Мать Татьяны Феоктиста Яковлевна и ее дочь Рада писали регулярно, но от мужа Михаила (Михася) ничего не было. Вскоре после того, как она отправила письмо матери от 9 августа, Татьяна объявила голодовку, требуя «связи с мужем, выхода за зону и жилищных условий». В письмах голодовка не упоминалась, но борьба с раздвоенностью не утихала. «Ну что ты сделаешь, что-то не выходит счастливого поворота в моей судьбе, каждый год все невеселый получается. Я все-таки думаю, что вопрос кто – кого (я – судьбу или судьба меня) решится наконец в мою пользу». Одной из причин новых сомнений были сообщения о процессе Каменева – Зиновьева.
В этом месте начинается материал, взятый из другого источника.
Local Notation o := (zeroD K0 d).
Local Notation NmK0 := (map_mx (fun z : int => (z%:~R : K0)) (Nm d (-1))).

Definition dsingle (R : nmodType) (j : int) (v : 'rV[R]_(rk d j)) (i : int) :
    'rV[R]_(rk d i) :=
  if j =P i is ReflectT e then ecast k 'rV[R]_(rk d k) e v else 0.

Lemma dsingle_id (R : nmodType) j (v : 'rV[R]_(rk d j)) : dsingle v j = v.
Proof. by rewrite /dsingle; case: (j =P j) => // e; rewrite eq_axiomK. Qed.

Lemma dsingle_neq (R : nmodType) j (v : 'rV[R]_(rk d j)) i :
  i != j -> dsingle v i = 0.
Proof. by rewrite /dsingle; case: (j =P i) => // ji /eqP[]. Qed.

Lemma dsingle0 (R : nmodType) j i : dsingle (0 : 'rV[R]_(rk d j)) i = 0.
Proof. by rewrite /dsingle; case: (j =P i) => // e; case: i / e. Qed.

Lemma concentrated_dsingle (R : nmodType) (x : forall i, 'rV[R]_(rk d i)) j :
  (forall i, i != j -> x i = 0) -> x = dsingle (x j).
Proof.
move=> xj; apply: functional_extensionality_dep => i.
by have [->|ij] := eqVneq i j; rewrite ?dsingle_id // dsingle_neq ?xj.
Qed.

Lemma ND_dsingle (t : 'rV[K0]_(rk d 0)) i : ND (dsingle t) i = dsingle (t *m NmK0) i.
Proof.
have [->|i1] := eqVneq i (-1); first by rewrite /ND !dsingle_id.
by rewrite /ND !dsingle_neq ?mul0mx // addr_eq0.
Qed.

Lemma phiD_dsingle_fixed (t : 'rV[K0]_(rk d 0)) i :
  Qp_row sigma t -> phiD sigma p (dsingle t) i = dsingle t i.
Proof.
move=> fixt; have [->|i0] := eqVneq i 0.
  by rewrite /phiD dsingle_id expr0z scale1r fixt.
by rewrite /phiD dsingle_neq // map_mx0 scaler0.
Qed.

Lemma toK_dsingle (t : 'rV[K0]_(rk d 0)) i :
  toK iota (dsingle t) i = dsingle (map_mx iota t) i.
Proof.
have [->|i0] := eqVneq i 0; first by rewrite /toK !dsingle_id.
by rewrite /toK !dsingle_neq ?map_mx0.
Qed.

Hypothesis hp : prime p.
Hypothesis hchar : [pchar K0] =i pred0.

Lemma pnat_neq0 : (p%:R : K0) != 0.
Proof. by apply/negP => /eqP p0; have := hchar p; rewrite !inE hp p0 eqxx. Qed.

Lemma N_mul_eq0 (v : 'rV[K0]_(rk d 0)) : v *m NmK0 = 0 -> v = 0.
Proof.
have freeN : row_free NmK0.
  apply: row_free_intmx_pchar0 => //.
  rewrite -kermx_eq0; apply/eqP/row_matrixP => i; rewrite row0.
  by apply: N_inj; rewrite -row_mul mulmx_ker row0.
by move/eqP; rewrite mulmx_free_eq0 // => /eqP.
Qed.

Lemma ND_m1 (x : Dsp K0 d) : ND x (-1) = x 0 *m NmK0.
Proof. by []. Qed.

Lemma scale_phiD (x : Dsp K0 d) i :
  (p%:R : K0) *: phiD sigma p x i = (p%:R : K0) ^ (i + 1) *: map_mx sigma (x i).
Proof. by rewrite /phiD scalerA expfzDr ?pnat_neq0 // expr1z mulrC. Qed.

Lemma cocycle_m1 (z : cochain1 K0 d) : cocycle sigma p z ->
  z.1.1 0 *m NmK0 = map_mx sigma (z.1.2 (-1)) - z.1.2 (-1).
Proof.
move=> /(_ (-1)) /eqP; rewrite ND_m1 scale_phiD expr0z scale1r.
by rewrite -addrA addr_eq0 opprB => /eqP.
Qed.

Hypothesis hslope : forall i : int, i != 0 ->
  bijective (fun x : K0 => (p%:R : K0) ^ i * sigma x - x).

Lemma cocycle_normalE (y : Dsp K0 d) (c : DKsp d) :
  cocycle sigma p (o, y, c) <->
  (forall i, i != -1 -> y i = 0) /\ Qp_row sigma (y (-1)).
Proof.
have cocycleE i : ND o i + y i - (p%:R : K0) *: phiD sigma p y i = 0 <->
    (p%:R : K0) ^ (i + 1) *: map_mx sigma (y i) = y i.
  rewrite /ND mul0mx add0r scale_phiD; split => [/eqP|->]; last exact: subrr.
  by rewrite subr_eq0 => /eqP.
split => [yZ | [y0 fixy] i]; last first.
  apply/cocycleE; have [->|i1] := eqVneq i (-1).
    by rewrite expr0z scale1r fixy.
  by rewrite y0 // map_mx0 scaler0.
split => [i i1|]; last by have /cocycleE := yZ (-1); rewrite expr0z scale1r.
by apply: (slope_fixed_row_eq0 hslope (i := i + 1)); [rewrite addr_eq0 | apply/cocycleE].
Qed.

(* The [phi]-fixed vectors of [D] are exactly [T^0 (x) Q_p] in degree 0. *)
Lemma cohom_normalE (y y' : Dsp K0 d) (c c' : DKsp d) :
  cohom sigma iota p (o, y, c) (o, y', c') <->
  exists (t : 'rV[K0]_(rk d 0)) f, [/\ Qp_row sigma t, F0 (d:=d) f,
    forall i, y i - y' i = dsingle (t *m NmK0) i &
    forall i, c i - c' i = f i - dsingle (map_mx iota t) i].
Proof.
split=> [[x [f [Ff e]]] | [t [f [fixt Ff ey ec]]]]; last first.
  exists (dsingle t), f; split => // i; split => /=.
  - by rewrite subrr phiD_dsingle_fixed // subrr.
  - by rewrite ey ND_dsingle.
  - by rewrite ec toK_dsingle.
have fixx i : phiD sigma p x i = x i.
  by have [+ _ _] := e i; rewrite subrr => /eqP; rewrite eq_sym subr_eq0 => /eqP.
have xE := concentrated_dsingle (fun i i0 => slope_fixed_row_eq0 hslope i0 (fixx i)).
exists (x 0), f; split => // [|i|i].
- by have := fixx 0; rewrite /phiD expr0z scale1r.
- by have [_ -> _] := e i; rewrite {1}xE ND_dsingle.
- by have [_ _ ->] := e i; rewrite {1}xE toK_dsingle.
Qed.

Hypothesis hcok : forall x : K0, exists a y : K0, sigma a = a /\ x = a + (sigma y - y).
Hypothesis hdir : forall a y : K0, sigma a = a -> a = sigma y - y -> a = 0.

Lemma cocycle_coboundary0 (z : cochain1 K0 d) : cocycle sigma p z ->
  exists v, map_mx sigma v - v = z.1.1 0.
Proof.
move=> zZ; have [a [y [fixa ea]]] := row_fixed_add_coboundary hcok (z.1.1 0).
suff a0 : a = 0 by exists y; rewrite ea a0 add0r.
apply: N_mul_eq0; apply: (fixed_row_coboundary_eq0 hdir (y := z.1.2 (-1) - y *m NmK0)).
  by rewrite /Qp_row map_mx_mul_intmx fixa.
have := cocycle_m1 zZ; rewrite ea mulmxDl map_mxB map_mx_mul_intmx => e.
have subrBBC (u1 u2 u3 u4 : 'rV[K0]_(rk d (-1))) :
    u1 - u2 - (u3 - u4) = u1 - u3 - (u2 - u4).
  by rewrite !opprB addrACA [RHS]addrACA [- u2 + _]addrC.
by rewrite (canRL (addrK _) e) mulmxBl subrBBC.
Qed.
Какое впечатление на меня произвел этот процесс – ты можешь себе представить. Я никому бы не поверила, что это возможно, но как я могу не верить им самим? Ошеломило это меня совершенно. Но ошеломленность прошла, остались политические выводы и уроки. Факт физического расстрела прошел для меня мало заметным: ведь расстреляны были политические трупы. А вообще, конечно, этап для меня очень трудный и болезненный. Нелегко дается мне жизнь за последние годы, родная, но ты не бойся за меня, ты знаешь, что я, как и ты, умею жить не только собой и своими переживаниями и что при любых личных условиях для меня остается интересной окружающая жизнь, которая, право же, на Колыме кипит не меньше, чем по всему СССР[1754].
Окружающая жизнь продолжала меняться. Магадан был очень красив по ночам, «если смотреть откуда-нибудь сверху (тогда огоньки на берегу залива напоминают Ялту)», а атмосфера в плановом отделе, где она работала, оказалась «очень хорошей». «Я уже опять начала жить», – писала она 10 октября 1936 года.